# Looking for a new system!!



## Guest (Mar 17, 2008)

What's going on guys, Im new here and am looking for some advice from all you guru's out there. My parents just bought a new house and are looking for put in a home theater system. My Dad has been asking me what kind of system they should get and to be honest I don't really know because im more of a car audio guy. They are looking to spend around 2 grand and want something for outside and inside in multiple rooms. They would like to mount the speakers flush with the wall and probably have the outside ones just mounted. My parents were looking at the Bose home theater systems but I was just wondering what you guys would recommend on getting? Anything better than bose or if they could get more bang for the buck from someone else? Any recommendations on how they should set it all up? Any advice would be great, thanks guys


----------



## eugovector (Sep 4, 2006)

Pretty much anything will give you better bang for the buck than Bose. The big question is, whose doing you install? Are you or your parents comfortable wiring multiple zones?

Assuming you are, $2k for a complete system plus outdoors doesn't leave you a whole lot. Round numbers, you'll need a distribution device of some kind, I like the JBL S36AW for your outdoor speakers.

The multiple rooms thing is going to be severely dependent on what they want to do. Are they talking having the same sound in multiple rooms, or different sounds in different rooms? Music only, or streaming radio, Satellite radio, etc?

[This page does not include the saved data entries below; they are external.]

(* Let $G$ be a group, let $k\geqslant 1$ and $\alpha,\beta>0$. Suppose $U$ is a $k$-approximate group in $G$ satisfying $|U^n|\geqslant(\alpha|U|)^{\beta n}$ for every $n\in\mathbb{N}$. Then $|U|\leqslant k^{\lceil 2/\beta\rceil-1}/\alpha^2$.
   Context: A finite symmetric subset $U\subset G$ is a $k$-approximate group if there is a finite subset $X\subset G$ with $|X|\leqslant k$ and $U^2\subset XU$. Here $U^n=\{u_1\cdots u_n:u_i\in U\}$. *)

From HB Require Import structures.
From mathcomp Require Import all_boot all_order all_algebra.
From mathcomp Require Import finmap.
From mathcomp Require Import all_classical all_reals.
From mathcomp Require Import exp.
Set Implicit Arguments. Unset Strict Implicit. Unset Printing Implicit Defensive.
Import Order.TTheory GRing.Theory Num.Theory.
Local Open Scope fset_scope.

Definition is_group (G : Type) (mul : G -> G -> G) (one : G) (inv : G -> G) : Prop :=
  [/\ forall x y z, mul x (mul y z) = mul (mul x y) z,
      forall x, mul one x = x, forall x, mul x one = x,
      forall x, mul (inv x) x = one & forall x, mul x (inv x) = one].

Definition setmul (G : choiceType) (mul : G -> G -> G) (A B : {fset G}) : {fset G} :=
  [fset mul a b | a in A, b in B].

Fixpoint setpow (G : choiceType) (mul : G -> G -> G) (one : G) (U : {fset G}) (n : nat)
  : {fset G} :=
  match n with
  | 0 => [fset one]
  | n'.+1 => setmul mul U (setpow mul one U n')
  end.

Definition symmetric_set (G : choiceType) (inv : G -> G) (U : {fset G}) : Prop :=
  forall u, u \in U -> inv u \in U.

Definition approx_group (R : realType) (G : choiceType) (mul : G -> G -> G) (inv : G -> G)
  (k : R) (U : {fset G}) : Prop :=
  symmetric_set inv U /\
  exists X : {fset G}, ((#|` X |)%:R <= k)%R /\ setmul mul U U `<=` setmul mul X U.

From HB Require Import structures.
From mathcomp Require Import all_boot all_order all_algebra.
From mathcomp Require Import finmap.
From mathcomp Require Import all_classical all_reals.
From mathcomp Require Import exp.
From mathcomp Require Import lra.
Import Order.TTheory GRing.Theory Num.Theory.

(* Iterating U^2 ⊆ XU gives U^(n+1) ⊆ X^n U, hence |U^(n+1)| <= k^n |U|.  For
   n + 1 = ⌈2/β⌉ the growth hypothesis then gives
   (α|U|)^2 <= (α|U|)^(β(n+1)) <= k^n |U| as soon as α|U| >= 1; if α|U| < 1 the
   bound is immediate because |U| is 0 or at least 1. *)

Section SetProducts.
Local Open Scope fset_scope.
Variables (G : choiceType) (mul : G -> G -> G) (one : G).

Lemma leq_card_setmul (X A : {fset G}) : (#|` setmul mul X A| <= #|` X| * #|` A|)%N.
Proof.
by rewrite /setmul unlock size_seq_fset (leq_trans (size_undup _)) ?size_allpairs.
Qed.

Hypothesis mulA : associative mul.
Variables U X : {fset G}.
Hypothesis UU_XU : setmul mul U U `<=` setmul mul X U.

Lemma setpowS_sub n : setpow mul one U n.+2 `<=` setmul mul X (setpow mul one U n.+1).
Proof.
apply/fsubsetP => _ /imfset2P[u1 u1U [_ /imfset2P[u2 u2U [w wUn ->]] ->]].
rewrite mulA.
have /(fsubsetP UU_XU)/imfset2P[x xX [u uU ->]] : mul u1 u2 \in setmul mul U U.
  exact: in_imfset2.
by rewrite -mulA; apply: in_imfset2 => //; apply: in_imfset2.
Qed.

Lemma leq_card_setpow n : (#|` setpow mul one U n.+1| <= #|` X| ^ n * #|` U|)%N.
Proof.
elim: n => [|n IHn].
  by rewrite expn0 mul1n (leq_trans (leq_card_setmul _ _)) ?cardfs1 ?muln1.
rewrite (leq_trans (fsubset_leq_card (setpowS_sub n))) //.
by rewrite (leq_trans (leq_card_setmul _ _)) // expnS -mulnA leq_mul2l IHn orbT.
Qed.

End SetProducts.

Local Open Scope ring_scope.

Section RealBounds.
Variable R : realType.

Lemma le_succ_absz_ceil_sub1 (x : R) : 0 < x -> x <= (`|Num.ceil x - 1|%N).+1%:R.
Proof.
move=> x_gt0; have ceil_ge1 : 1 <= Num.ceil x by rewrite -gtz0_ge1 ceil_gt0.
by rewrite -addn1 natrD natr_absz ger0_norm ?subr_ge0 // intrB subrK ceil_ge.
Qed.

Lemma le_div_sqr_of_powR_le (alpha K e : R) (n : nat) :
  0 < alpha -> 1 <= K -> 2 <= e ->
  (alpha * n%:R) `^ e <= K * n%:R -> n%:R <= K / alpha ^+ 2.
Proof.
move=> alpha_gt0 K_ge1 e_ge2 growth.
rewrite ler_pdivlMr ?exprn_gt0 //.
case: n growth => [|n] growth; first by rewrite mul0r (le_trans ler01).
have n_ge1 : 1 <= n.+1%:R :> R by rewrite ler1n.
have [an_ge1|an_lt1] := leP 1 (alpha * n.+1%:R); last by nra.
have : (alpha * n.+1%:R) ^+ 2 <= K * n.+1%:R.
  apply: le_trans growth.
  rewrite -powR_mulrn ?(le_trans ler01) //.
  exact: ler_powR.
nra.
Qed.

End RealBounds.

Theorem proposition2p13 (R : realType) (G : choiceType)
  (mul : G -> G -> G) (one : G) (inv : G -> G) (Ggrp : is_group mul one inv)
  (k alpha beta : R) (hk : 1 <= k) (halpha : 0 < alpha) (hbeta : 0 < beta)
  (U : {fset G}) (hU : approx_group mul inv k U)
  (hgrowth : forall n : nat, (0 < n)%N ->
      (alpha * (#|` U |)%:R) `^ (beta * n%:R) <= (#|` setpow mul one U n |)%:R) :
  (#|` U |)%:R <= k ^+ `|Num.ceil (2 / beta) - 1|%N / alpha ^+ 2.
Proof.
case: hU => _ [X [cardX UU_XU]]; case: Ggrp => mulA _ _ _ _.
set N := `|Num.ceil (2 / beta) - 1|%N.
have exponent_ge2 : 2 <= beta * N.+1%:R.
  by rewrite mulrC -ler_pdivrMr // le_succ_absz_ceil_sub1 ?divr_gt0.
have card_UN : (#|` setpow mul one U N.+1|)%:R <= k ^+ N * (#|` U|)%:R.
  apply: (@le_trans _ _ (#|` X| ^ N * #|` U|)%:R).
    by rewrite ler_nat; apply: leq_card_setpow.
  by rewrite natrM natrX ler_wpM2r ?ler0n // lerXn2r ?nnegrE ?ler0n ?(le_trans ler01).
apply: le_div_sqr_of_powR_le halpha (exprn_ege1 N hk) exponent_ge2 _.
exact: le_trans (hgrowth N.+1 isT) card_UN.
Qed.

My favorite multiple room scenario is a bunch of Zunes syncing wirelessly, connected to Audioengine powered speakers, but that's certainly dependent on your needs.


----------



## Guest (Mar 17, 2008)

My parents might be willing to spend more but im not sure about that one. They mostly want the system so they can play music off a cd, or radio throughout the whole house and outside. Also they will probably want to play music in one room and watch tv or a movie in the other aswell.


----------



## Sonnie (Apr 11, 2006)

I do not think they will get what they are looking for at $2K. A whole house distribution system will probably cost over $2K by itself.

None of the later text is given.